And just back to Timna’s question earlier. I mean, one of the reasons we can’t really answer this is because we just don’t know when COVID is going to end. And COVID is the single determining factor as to whether people can even visit a site to decide whether they want to buy something or partner with us or whatever. That’s still up in the air. Still not possible in some circumstances. So, that’s why it’s hard to be too definitive on the dates.

Q – Brian MacArthur – Raymond James Ltd.>: Hi. Good morning, Don. Again, mine has to do with Project Satellite. I know you’d given lots of answers. But just so I – and obviously, you’ve got lots of strategic options. Are we now thinking – originally Project Satellite with all the monetization, you’ve talked about a partner building one of your projects. Can I assume that you don’t really want to build any of these eight projects? I mean, I could argue maybe you should have another production center, or what’s your philosophical thinking on that given originally you thought you could monetize Project Satellite for CAD 3 billion or at least that number was originally put out. I don’t know if you’d be willing to put out a new potential number you might be able to get out of this.

<A – Don Lindsay – Teck Resources Ltd.>: Okay. A couple clarifications that – we took these projects that were all very early stage. And what we said is we’d move them through the scoping – resource reserve scoping study prefeasibility, feasibility, and then decide what best to do with it, whether it was to actually build it if it made sense as part of Teck’s portfolio or to partner or to contribute into another company, take back shares, ride the cycle, or just sell outright for cash.
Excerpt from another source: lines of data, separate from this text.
(* Let $\theta_0\in\mathbb{R}$ and let $\hat\theta_u,\hat\theta_b$ be real random variables with finite second moments such that $\mathbb{E}[\hat\theta_u]=\theta_0$ and $\mathbb{E}[\hat\theta_b]=\theta_0+\mu$ for some (arbitrary) $\mu\in\mathbb{R}$. Write $\sigma^2_u=\mathrm{Var}(\hat\theta_u)$, $\sigma^2_b=\mathrm{Var}(\hat\theta_b)$, $\sigma_{bu}=\mathrm{Cov}(\hat\theta_b,\hat\theta_u)$, and assume $\sigma^2_u>0$ and $\sigma^2_u+\sigma^2_b-2\sigma_{bu}>0$. Let $\hat\sigma^2_u,\hat\sigma^2_b,\hat\sigma_{bu}$ be real random variables (on the same probability space) with bounded second moments and satisfying $\hat\sigma^2_u+\hat\sigma^2_b-2\hat\sigma_{bu}>0$ almost surely. Define $$\hat\lambda=\frac{\hat\sigma^2_u-\hat\sigma_{bu}}{(\hat\theta_u-\hat\theta_b)^2+\hat\sigma^2_u+\hat\sigma^2_b-2\hat\sigma_{bu}},\qquad \hat\theta_{\hat\lambda}=\hat\lambda\hat\theta_b+(1-\hat\lambda)\hat\theta_u.$$ Then $$\mathbb{E}\big[(\hat\theta_{\hat\lambda}-\theta_0)^2\big]\le\left(\sigma_u+\frac12\sqrt{\mathbb{E}[S^2]}\right)^2,\qquad\text{where } \mathbb{E}[S^2]=\mathbb{E}\!\left[\frac{(\hat\sigma^2_u-\hat\sigma_{bu})^2}{\hat\sigma^2_u+\hat\sigma^2_b-2\hat\sigma_{bu}}\right].$$
   Context: $\hat\theta_u$ is an unbiased estimator of $\theta_0$, $\hat\theta_b$ a possibly biased estimator with unknown bias $\mu$, and $\hat\sigma^2_u,\hat\sigma^2_b,\hat\sigma_{bu}$ are estimators of $\mathrm{Var}(\hat\theta_u),\mathrm{Var}(\hat\theta_b),\mathrm{Cov}(\hat\theta_b,\hat\theta_u)$. $\sigma_u=\sqrt{\sigma^2_u}$. *)

From mathcomp Require Import all_boot all_order all_algebra.
From mathcomp Require Import all_classical all_reals all_analysis.
Set Implicit Arguments. Unset Strict Implicit. Unset Printing Implicit Defensive.
Import Order.TTheory GRing.Theory Num.Theory.
Local Open Scope ring_scope.

Definition lambda_hat (T : Type) (R : realType) (tu tb s2u s2b sbu : T -> R)
  : T -> R :=
  fun w => (s2u w - sbu w) /
           ((tu w - tb w) ^+ 2 + s2u w + s2b w - 2 * sbu w).

Definition theta_lambda (T : Type) (R : realType) (tu tb s2u s2b sbu : T -> R)
  : T -> R :=
  fun w => lambda_hat tu tb s2u s2b sbu w * tb w
           + (1 - lambda_hat tu tb s2u s2b sbu w) * tu w.

Definition S2 (T : Type) (R : realType) (s2u s2b sbu : T -> R) : T -> R :=
  fun w => (s2u w - sbu w) ^+ 2 / (s2u w + s2b w - 2 * sbu w).

From mathcomp Require Import all_boot all_order all_algebra.
From mathcomp Require Import all_classical all_reals all_analysis.
From mathcomp Require Import ring measurable_realfun.
Set Implicit Arguments. Unset Strict Implicit. Unset Printing Implicit Defensive.
Import Order.TTheory GRing.Theory Num.Theory.
Local Open Scope ring_scope.

(** Write [e = tu - theta0], [D = tu - tb], [A = s2u - sbu] and
    [B = s2u + s2b - 2 sbu > 0].  Pointwise, [theta_lambda - theta0 = e - y]
    with [y = A D / (D^2 + B)], and [D^2 + B >= 2 |D| sqrt B] gives
    [y^2 <= A^2 / (4 B) = S2 / 4].  For every [t > 0],
    [(e - y)^2 <= (1 + t) e^2 + (1 + 1/t) y^2]; taking expectations, with
    [E[e^2] = Var tu] because [tu] is unbiased, and choosing
    [t = sqrt E[S2] / (2 sigma_u)] gives the bound. *)

Lemma sqrrB_le (R : realFieldType) (x y t : R) : 0 < t ->
  (x - y) ^+ 2 <= (1 + t) * x ^+ 2 + (1 + t^-1) * y ^+ 2.
Proof.
move=> t0; rewrite -subr_ge0.
have -> : (1 + t) * x ^+ 2 + (1 + t^-1) * y ^+ 2 - (x - y) ^+ 2 =
    t^-1 * (t * x + y) ^+ 2 by field; rewrite gt_eqF.
by rewrite mulr_ge0 ?sqr_ge0 // invr_ge0 ltW.
Qed.

Lemma sqr_shrinkage_le (R : realFieldType) (a d b : R) : 0 < b ->
  (a / (d ^+ 2 + b) * d) ^+ 2 <= a ^+ 2 / (4 * b).
Proof.
move=> b0; have db0 : 0 < d ^+ 2 + b by rewrite ltr_wpDl ?sqr_ge0.
rewrite -subr_ge0.
have -> : a ^+ 2 / (4 * b) - (a / (d ^+ 2 + b) * d) ^+ 2 =
    (a * (d ^+ 2 - b)) ^+ 2 / (4 * b * (d ^+ 2 + b) ^+ 2).
  by field; rewrite !gt_eqF.
by rewrite divr_ge0 ?sqr_ge0 // mulr_ge0 ?sqr_ge0 // mulr_ge0 // ltW.
Qed.

Lemma le_sqr_sqrtD_half (R : rcfType) (v c l : R) : 0 < v -> 0 <= c ->
  (forall t, 0 < t -> l <= (1 + t) * v + (1 + t^-1) / 4 * c) ->
  l <= (Num.sqrt v + 2^-1 * Num.sqrt c) ^+ 2.
Proof.
move=> v0 c0 lle; set a := Num.sqrt v; set s := Num.sqrt c.
have a0 : 0 < a by rewrite sqrtr_gt0.
have va : v = a ^+ 2 by rewrite sqr_sqrtr ?ltW.
have cs : c = s ^+ 2 by rewrite sqr_sqrtr.
have [s0|] := ltP 0 s.
  have := lle (s / (2 * a)) (divr_gt0 s0 (mulr_gt0 (ltr0Sn _ 1) a0)).
  rewrite va cs => /le_trans; apply; rewrite le_eqVlt; apply/orP; left.
  by apply/eqP; field; rewrite !gt_eqF.
rewrite le_eqVlt ltNge sqrtr_ge0 orbF => /eqP s0.
have c00 : c = 0 by rewrite cs s0 expr0n.
rewrite s0 mulr0 addr0 -va; apply/ler_addgt0Pr => e e0.
have := lle (e / v) (divr_gt0 e0 v0); rewrite c00 mulr0 addr0.
by rewrite mulrDl mul1r mulfVK ?gt_eqF.
Qed.

Lemma sqr_theta_lambda_le (T : Type) (R : realType) (tu tb s2u s2b sbu : T -> R)
    (theta0 t : R) (w : T) :
  0 < s2u w + s2b w - 2 * sbu w -> 0 < t ->
  (theta_lambda tu tb s2u s2b sbu w - theta0) ^+ 2 <=
  (1 + t) * (tu w - theta0) ^+ 2 + (1 + t^-1) / 4 * S2 s2u s2b sbu w.
Proof.
move=> B0 t0.
set D := tu w - tb w; set A := s2u w - sbu w; set B := s2u w + s2b w - 2 * sbu w.
have lamE : lambda_hat tu tb s2u s2b sbu w = A / (D ^+ 2 + B) by rewrite /B !addrA.
have -> : theta_lambda tu tb s2u s2b sbu w - theta0 =
    (tu w - theta0) - A / (D ^+ 2 + B) * D.
  by rewrite /theta_lambda lamE /D; ring.
apply: (le_trans (sqrrB_le _ _ t0)); rewrite lerD2l.
have -> : (1 + t^-1) / 4 * S2 s2u s2b sbu w = (1 + t^-1) * (A ^+ 2 / (4 * B)).
  by rewrite /S2 -/A -/B; field; rewrite !gt_eqF.
by rewrite ler_wpM2l ?sqr_shrinkage_le // addr_ge0 // invr_ge0 ltW.
Qed.

Lemma measurable_inv (R : realType) : measurable_fun [set: R] GRing.inv.
Proof.
have mC0 : measurable (~` [set (0 : R)]) by exact: measurableC.
have : measurable_fun (~` [set (0 : R)]) GRing.inv.
  apply: open_continuous_measurable_fun.
    exact/closed_openC/accessible_closed_set1/hausdorff_accessible.
  by move=> x; rewrite inE => /eqP x0; exact: inv_continuous.
(* off [0] it is continuous; at [0] both sides take the junk value [0^-1 = 0] *)
move/(measurable_restrictT _ mC0); apply: eq_measurable_fun => x _.
rewrite patchE; case: ifPn => // /negP; rewrite inE /= => /contrapT ->.
by rewrite invr0.
Qed.

Section measurable_estimators.
Context d (T : measurableType d) (R : realType).
Variables tu tb s2u s2b sbu : T -> R.
Hypotheses (mtu : measurable_fun setT tu) (mtb : measurable_fun setT tb).
Hypotheses (ms2u : measurable_fun setT s2u) (ms2b : measurable_fun setT s2b).
Hypothesis msbu : measurable_fun setT sbu.

Lemma measurable_lambda_hat : measurable_fun setT (lambda_hat tu tb s2u s2b sbu).
Proof.
apply: measurable_funM; first exact: measurable_funB.
apply: measurableT_comp; first exact: measurable_inv.
apply: measurable_funB; last exact: measurable_funM.
by apply: measurable_funD => //; apply: measurable_funD => //;
  apply/measurable_funX/measurable_funB.
Qed.

Lemma measurable_theta_lambda : measurable_fun setT (theta_lambda tu tb s2u s2b sbu).
Proof.
apply: measurable_funD; apply: measurable_funM => //; first exact: measurable_lambda_hat.
exact/measurable_funB/measurable_lambda_hat.
Qed.

Lemma measurable_S2 : measurable_fun setT (S2 s2u s2b sbu).
Proof.
apply: measurable_funM; first exact/measurable_funX/measurable_funB.
apply: measurableT_comp; first exact: measurable_inv.
by apply: measurable_funB; [exact: measurable_funD | exact: measurable_funM].
Qed.

End measurable_estimators.

Local Open Scope ereal_scope.

Lemma lee_sqr_sqrteD_half (R : realType) (v : R) (x c : \bar R) :
  (0 < v)%R -> 0 <= c ->
  (forall t : R, (0 < t)%R -> x <= (1 + t)%:E * v%:E + ((1 + t^-1) / 4)%:E * c) ->
  x <= (sqrte v%:E + 2^-1%:E * sqrte c) ^+ 2.
Proof.
move=> v0; case: c => [c | | ] c0 xle; last by rewrite leeNy_eq in c0.
  case: x xle => [l | | ] xle; last exact: leNye.
    rewrite [sqrte _]/= [sqrte c%:E]/= -EFinM -EFinD -EFin_expe lee_fin.
    (* sums and products of finite extended reals compute, so [xle] is real *)
    by apply: le_sqr_sqrtD_half.
  by have := xle 1%R ltr01; rewrite leye_eq.
by rewrite [sqrte +oo]/= gt0_muley ?lte_fin ?invr_gt0 // addey //= mulyy leey.
Qed.

Section expectation_lemmas.
Context d (T : measurableType d) (R : realType) (P : probability T R).

Lemma ae_eq_expectation (X Y : T -> R) :
  measurable_fun setT X -> measurable_fun setT Y ->
  {ae P, forall w, X w = Y w} -> 'E_P[X] = 'E_P[Y].
Proof.
move=> mX mY XY; rewrite unlock; apply: ae_eq_integral => //;
  [exact: measurableT_comp | exact: measurableT_comp |].
by apply: filterS XY => w ->.
Qed.

Lemma ge0_expectationDZ (a b : R) (X Y : T -> R) : (0 <= a)%R -> (0 <= b)%R ->
  measurable_fun setT X -> measurable_fun setT Y ->
  (forall w, 0 <= X w)%R -> (forall w, 0 <= Y w)%R ->
  'E_P[fun w => (a * X w + b * Y w)%R] = a%:E * 'E_P[X] + b%:E * 'E_P[Y].
Proof.
move=> a0 b0 mX mY X0 Y0; rewrite unlock.
under eq_integral do rewrite EFinD !EFinM.
rewrite ge0_integralD //; last 4 first.
- by move=> w _; rewrite mule_ge0 ?lee_fin.
- exact/measurable_funeM/measurableT_comp.
- by move=> w _; rewrite mule_ge0 ?lee_fin.
- exact/measurable_funeM/measurableT_comp.
rewrite !ge0_integralZl_EFin //; last 2 first.
- by move=> w _; rewrite lee_fin.
- exact: measurableT_comp.
- by move=> w _; rewrite lee_fin.
- exact: measurableT_comp.
Qed.

Lemma variance_sqr_centered (X : T -> R) (m : R) : 'E_P[X] = m%:E ->
  'V_P[X] = 'E_P[fun w => ((X w - m) ^+ 2)%R].
Proof.
move=> EX; rewrite /variance covariance.unlock EX /=.
by congr expectation; apply/funext => w; rewrite expr2.
Qed.

End expectation_lemmas.

Section theta_lambda_risk.
Context d (T : measurableType d) (R : realType) (P : probability T R).
Variables (theta0 : R) (tu tb s2u s2b sbu : T -> R).
Hypotheses (mtu : measurable_fun setT tu) (mtb : measurable_fun setT tb).
Hypotheses (ms2u : measurable_fun setT s2u) (ms2b : measurable_fun setT s2b).
Hypothesis msbu : measurable_fun setT sbu.
Hypothesis denom_gt0 : {ae P, forall w, (0 < s2u w + s2b w - 2 * sbu w)%R}.

(* [S2] is nonnegative only almost surely, while the integral calculus for
   nonnegative functions needs nonnegativity everywhere. *)
Let S2_ge0 w := Num.max (S2 s2u s2b sbu w) 0%R.

Let measurable_S2_ge0 : measurable_fun setT S2_ge0.
Proof. exact/measurable_maxr/measurable_cst/measurable_S2. Qed.

Lemma expectation_S2E : 'E_P[S2 s2u s2b sbu] = 'E_P[S2_ge0].
Proof.
apply: ae_eq_expectation => //; first exact: measurable_S2.
apply: filterS denom_gt0 => w B0; rewrite /S2_ge0 max_l //.
by rewrite divr_ge0 ?sqr_ge0 ?ltW.
Qed.

Lemma expectation_S2_ge0 : 0 <= 'E_P[S2 s2u s2b sbu].
Proof. by rewrite expectation_S2E expectation_ge0 // => w; rewrite le_max lexx orbT. Qed.

Lemma expectation_sqr_theta_lambda_le (t : R) : (0 < t)%R -> 'E_P[tu] = theta0%:E ->
  'E_P[fun w => ((theta_lambda tu tb s2u s2b sbu w - theta0) ^+ 2)%R]
    <= (1 + t)%:E * 'V_P[tu] + ((1 + t^-1) / 4)%:E * 'E_P[S2 s2u s2b sbu].
Proof.
move=> t0 Etu.
have t1 : (0 <= 1 + t)%R by rewrite addr_ge0 // ltW.
have k0 : (0 <= (1 + t^-1) / 4 :> R)%R by rewrite divr_ge0 // addr_ge0 // invr_ge0 ltW.
have dev0 w : (0 <= (tu w - theta0) ^+ 2)%R by exact: sqr_ge0.
have S0 w : (0 <= S2_ge0 w)%R by rewrite le_max lexx orbT.
have msqr_dev (X : T -> R) : measurable_fun setT X ->
    measurable_fun setT (fun w => ((X w - theta0) ^+ 2)%R).
  by move=> mX; exact/measurable_funX/measurable_funB.
rewrite (variance_sqr_centered Etu) expectation_S2E -ge0_expectationDZ //;
  last exact: msqr_dev.
apply: expectation_le.
- exact/msqr_dev/measurable_theta_lambda.
- apply: measurable_funD; apply: measurable_funM.
  + exact: measurable_cst.
  + exact: msqr_dev.
  + exact: measurable_cst.
  + exact: measurable_S2_ge0.
- by move=> w; exact: sqr_ge0.
- by move=> w; rewrite addr_ge0 // mulr_ge0.
apply: filterS denom_gt0 => w B0.
apply: le_trans (sqr_theta_lambda_le tu tb theta0 B0 t0) _.
by rewrite lerD2l ler_wpM2l // le_max lexx.
Qed.

End theta_lambda_risk.

Theorem theorem3 (d : measure_display) (T : measurableType d) (R : realType)
  (P : probability T R) (theta0 mu : R)
  (tu tb s2u s2b sbu : T -> R) :
  tu \in Lfun P 2%:E -> tb \in Lfun P 2%:E ->
  'E_P[tu] = theta0%:E ->
  'E_P[tb] = (theta0 + mu)%:E ->
  0 < 'V_P[tu] ->
  0 < 'V_P[tu] + 'V_P[tb] - 2%:E * covariance P tb tu ->
  s2u \in Lfun P 2%:E -> s2b \in Lfun P 2%:E -> sbu \in Lfun P 2%:E ->
  {ae P, forall w, (0 < s2u w + s2b w - 2 * sbu w)%R} ->
  'E_P[(fun w => (theta_lambda tu tb s2u s2b sbu w - theta0) ^+ 2)%R]
    <= (sqrte 'V_P[tu] + 2^-1%:E * sqrte 'E_P[S2 s2u s2b sbu]) ^+ 2.
Proof.
move=> Ltu Ltb Etu _ V0 _ Ls2u Ls2b Lsbu denom_gt0.
have mL (X : T -> R) : X \in Lfun P 2%:E -> measurable_fun setT X.
  by move/sub_Lfun_mfun; rewrite inE.
move: (mL _ Ltu) (mL _ Ltb) (mL _ Ls2u) (mL _ Ls2b) (mL _ Lsbu).
move=> mtu mtb ms2u ms2b msbu.
have /fineK VE := variance_fin_num Ltu.
rewrite -VE in V0 *.
apply: lee_sqr_sqrteD_half; first by rewrite -lte_fin.
  exact: expectation_S2_ge0 ms2u ms2b msbu denom_gt0.
move=> t t0; rewrite VE.
exact: (expectation_sqr_theta_lambda_le mtu mtb ms2u ms2b msbu denom_gt0 t0 Etu).
Qed.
So, it was never contemplated that we would monetize all of them, but some were less likely to become part of the Teck portfolio going forward.

And so, it was always thought that some of them would be monetized. We set a target of CAD 3 billion of value. In terms of NAV, we have significantly exceeded that for those five projects, but we haven’t necessarily realized any of it in cash. We do know from just inbound calls and letter proposals and things that we get unasked that we could clear significantly over CAD 1 billion on a couple of them if we chose to do that. When we say we know, we know we’ve received offers that say those numbers, we did, it’s a long way from getting a letter to actually closing a deal. But so significant value has been created by the satellite team. Market has shifted structurally we think for some time. COVID has had a big impact, no question about it, and part of that is decarbonization and the associated electrification and long-term demand for copper looks very strong. So, that causes us to rethink it carefully so that we don’t leave value on the table. We’ve done studies of all our competitors to see what they have becoming. And like a lot of people don’t have much covered in terms of copper resources to develop. And if you look at the exploration track record as an industry, the copper industry hasn’t done that well overall. I mean, there have been some successes, but it’s limited.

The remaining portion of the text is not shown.